As alluded to above, very little information is available on bladderiness. In our experience, the risk of bladderiness seems to increase when plums are harvested following high rainfall. It could therefore be linked to excessive uptake of water by the fruit. As reported by Davies et al, we concur that it is more prominent in riper fruit.

Given the scant information on this disorder, we suggest the recommendations for IB and GB control following adverse weather conditions will also assist in lowering the risk of bladderiness development after excessively high rainfall. It is believed that fruit which are immature on the tree have a better chance of not being damaged. Therefore, if harvested a few of days after the high rainfall, the internal quality will hopefully be unaffected.
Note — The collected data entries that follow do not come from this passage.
Definition homotopic (X K : sSet) (f g : sMap X K) : Prop :=
  exists H : sMap (Prod X (Delta 1)) K,
    (forall n (x : X n), smap H ((x, cst0 n) : Prod X (Delta 1) n) = smap f x) /\
    (forall n (x : X n), smap H ((x, cst1 n) : Prod X (Delta 1) n) = smap g x).

Definition hrel (X K : sSet) : relation (sMap X K) :=
  clos_refl_sym_trans (sMap X K) (@homotopic X K).

Definition weq (A B : sSet) (w : sMap A B) : Prop :=
  forall K : sSet, Kan K ->
    (forall h : sMap A K, exists h' : sMap B K, hrel (scomp h' w) h) /\
    (forall a b : sMap B K, hrel (scomp a w) (scomp b w) -> hrel a b).

#[universes(polymorphic)]
Record sFunctor (D : Category) := {
  Fob : sSet -> Ob D;
  Fmap : forall X Y : sSet, sMap X Y -> Hom (Fob X) (Fob Y);
  Fmap_id : forall X, Fmap (sid X) = idc (Fob X);
  Fmap_comp : forall X Y Z (f : sMap X Y) (g : sMap Y Z),
      Fmap (scomp g f) = compc (Fmap g) (Fmap f) }.
Arguments Fmap {D} _ {X Y} f.

#[universes(polymorphic)]
Definition is_iso (D : Category) (a b : Ob D) (f : Hom a b) : Prop :=
  exists g : Hom b a, compc g f = idc a /\ compc f g = idc b.

(* f and g represent the same morphism of the homotopy category: every
   functor inverting weak equivalences identifies them. *)
#[universes(polymorphic)]
Definition Ho_eq (X Y : sSet) (f g : sMap X Y) : Prop :=
  forall (D : Category) (F : sFunctor D),
    (forall (A B : sSet) (w : sMap A B), weq w -> is_iso (Fmap F w)) ->
    Fmap F f = Fmap F g.

Record PFun (C : Category) (I : Type) (le : I -> I -> bool) := {
  pob : I -> Ob C;
  parr : forall i j, le i j -> Hom (pob i) (pob j);
  parr_id : forall i (h : le i i), parr h = idc (pob i);
  parr_comp : forall i j k (h1 : le i j) (h2 : le j k) (h3 : le i k),
      parr h3 = compc (parr h2) (parr h1) }.
Arguments pob {C I le} p i.
Arguments parr {C I le} p {i j} h.

Definition prestrict (C : Category) I J (leI : I -> I -> bool) (leJ : J -> J -> bool)
  (phi : J -> I) (hphi : forall i j, leJ i j -> leI (phi i) (phi j))
  (P : PFun C leI) : PFun C leJ :=
  {| pob := fun j => pob P (phi j);
     parr := fun i j h => parr P (hphi i j h);
     parr_id := fun i h => parr_id P (hphi i i h);
     parr_comp := fun i j k h1 h2 h3 =>
        parr_comp P (hphi _ _ h1) (hphi _ _ h2) (hphi _ _ h3) |}.
Arguments prestrict {C I J leI leJ} phi hphi P.

Lemma PFun_ext (C : Category) I (le : I -> I -> bool) (o : I -> Ob C)
  (a b : forall i j, le i j -> Hom (o i) (o j)) pa pb qa qb :
  (forall i j h, a i j h = b i j h) ->
  @Build_PFun C I le o a pa qa = @Build_PFun C I le o b pb qb.
Proof.
move=> H.
have E : a = b.
  apply: functional_extensionality_dep => i.
  apply: functional_extensionality_dep => j.
  apply: functional_extensionality_dep => h; exact: H.
subst b; by rewrite (proof_irrelevance _ pa pb) (proof_irrelevance _ qa qb).
Qed.

Lemma prestrict_id (C : Category) I (le : I -> I -> bool)
  (h : forall i j, le i j -> le i j) (P : PFun C le) :
  prestrict (fun i => i) h P = P.
Proof.
case: P h => o a pa qa h /=; apply: PFun_ext => i j e.
by rewrite (eq_irrelevance (h i j e) e).
Qed.

Lemma prestrict_idP (C : Category) I (le : I -> I -> bool) (phi : I -> I)
  (h : forall i j, le i j -> le (phi i) (phi j)) (P : PFun C le) :
  (forall i, phi i = i) -> prestrict phi h P = P.
Proof.
move=> E; have E' : phi = (fun i => i) by apply: functional_extensionality.
subst phi; exact: prestrict_id.
Qed.

Lemma prestrict_comp (C : Category) I J K (leI : I -> I -> bool)
  (leJ : J -> J -> bool) (leK : K -> K -> bool) (phi : J -> I) (psi : K -> J)
  (hphi : forall i j, leJ i j -> leI (phi i) (phi j))
  (hpsi : forall i j, leK i j -> leJ (psi i) (psi j))
  (hc : forall i j, leK i j -> leI (phi (psi i)) (phi (psi j)))
  (P : PFun C leI) :
  prestrict psi hpsi (prestrict phi hphi P)
  = prestrict (fun k => phi (psi k)) hc P :> PFun C leK.
Proof.
case: P hphi hc => o a pa qa hphi hc /=; apply: PFun_ext => i j e /=.
by rewrite (eq_irrelevance (hphi _ _ (hpsi i j e)) (hc i j e)).
Qed.

Definition ordle n (i j : 'I_n.+1) : bool := (i <= j)%N.

Definition Nerve (C : Category) : sSet.
Proof.
refine (@Build_sSet (fun n => PFun C (@ordle n))
  (fun m n f x => prestrict f (dmono f) x) _ _).
- by move=> n x; apply: prestrict_id.
- move=> l m n f g x.
  symmetry; exact: (prestrict_comp (phi:=dmap g) (psi:=dmap f) _ _ (dmono (dcomp g f))).
Defined.

Record bsSet := {
  bx :> nat -> nat -> Type;
  bact : forall p q p' q', DMap p' p -> DMap q' q -> bx p q -> bx p' q';
  bact_id : forall p q (x : bx p q), bact (did p) (did q) x = x;
  bact_comp : forall p q p' q' p'' q'' (f : DMap p'' p') (g : DMap p' p)
      (f' : DMap q'' q') (g' : DMap q' q) (x : bx p q),
      bact (dcomp g f) (dcomp g' f') x = bact f f' (bact g g' x) }.
Arguments bact {b p q p' q'} f g x.

Definition diag (X : bsSet) : sSet.
Proof.
refine (@Build_sSet (fun n => X n n) (fun m n f x => bact f f x) _ _).
- by move=> n x; apply: bact_id.
- by move=> l m n f g x; apply: bact_comp.
Defined.

(* The nerve of the double category C_bi: (p,q)-simplices are p x q
   arrays of commutative squares of C, i.e. functors [p] x [q] -> C. *)
Definition gridle p q (a b : 'I_p.+1 * 'I_q.+1) : bool :=
  ((a.1 <= b.1)%N && (a.2 <= b.2)%N).

Lemma grid_mono p q p' q' (f : DMap p' p) (g : DMap q' q)
  (a b : 'I_p'.+1 * 'I_q'.+1) :
  gridle a b -> gridle (f a.1, g a.2) (f b.1, g b.2).
Proof. by case/andP=> h1 h2; rewrite /gridle /= (dmono f _ _ h1) (dmono g _ _ h2). Qed.

Definition NCbi (C : Category) : bsSet.
Proof.
refine (@Build_bsSet (fun p q => PFun C (@gridle p q))
  (fun p q p' q' f g x => prestrict _ (@grid_mono p q p' q' f g) x) _ _).
- by move=> p q x; apply: prestrict_idP => -[i j].
- move=> p q p' q' p'' q'' f g f' g' x.
  symmetry; exact: (prestrict_comp
    (phi:=fun a : 'I_p'.+1 * 'I_q'.+1 => (g a.1, g' a.2))
    (psi:=fun a : 'I_p''.+1 * 'I_q''.+1 => (f a.1, f' a.2)) _ _
    (@grid_mono p q p'' q'' (dcomp g f) (dcomp g' f'))).
Defined.

(* The two natural maps N C -> diag(N C_bi): an n-simplex x of N C is
   sent to the degenerate (n,n)-array obtained by applying the vertical
   (resp. horizontal) degeneracy [n] -> [0] to x viewed in the 0th
   column (resp. 0th row): the grid (i,j) |-> x i (resp. x j). *)
Lemma fst_mono n (a b : 'I_n.+1 * 'I_n.+1) : gridle a b -> ordle a.1 b.1.
Proof. by case/andP. Qed.
Lemma snd_mono n (a b : 'I_n.+1 * 'I_n.+1) : gridle a b -> ordle a.2 b.2.
Proof. by case/andP. Qed.

Lemma prestrict_pi (C : Category) I J (leI : I -> I -> bool) (leJ : J -> J -> bool)
  (phi : J -> I) (h1 h2 : forall i j, leJ i j -> leI (phi i) (phi j))
  (P : PFun C leI) :
  prestrict phi h1 P = prestrict phi h2 P :> PFun C leJ.
Proof.
case: P => o a pa qa /=; apply: PFun_ext => i j e.
by rewrite (eq_irrelevance (h1 i j e) (h2 i j e)).
Qed.

Definition incl_h (C : Category) : sMap (Nerve C) (diag (NCbi C)).
Proof.
refine (@Build_sMap (Nerve C) (diag (NCbi C))
  (fun n x => prestrict _ (@fst_mono n) x) _).
move=> m n f x /=.
rewrite (prestrict_comp (phi:=dmap f) (psi:=fun a : 'I_m.+1 * 'I_m.+1 => a.1) _ _
          (fun a b h => dmono f _ _ (@fst_mono m a b h))).
rewrite (prestrict_comp (phi:=fun a : 'I_n.+1 * 'I_n.+1 => a.1)
          (psi:=fun a : 'I_m.+1 * 'I_m.+1 => (f a.1, f a.2)) _ _
          (fun a b h => dmono f _ _ (@fst_mono m a b h))).
by [].
Defined.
In the case of mature fruit that must be harvested because it has ripened beyond the middle of the optimum maturity window, it is good practice to cut a sample of fruit through the equatorial axis to conduct an internal inspection for flesh tissue damage. After high rainfall it is also prudent to cut the fruit across the shoulder to check for bladderiness. Tissue damage detected at harvest, be it GB or bladderiness, indicates a very high quality risk. As progressive disorders, the levels of internal disorders will increase with longer storage so extended storage of such fruit is high risk.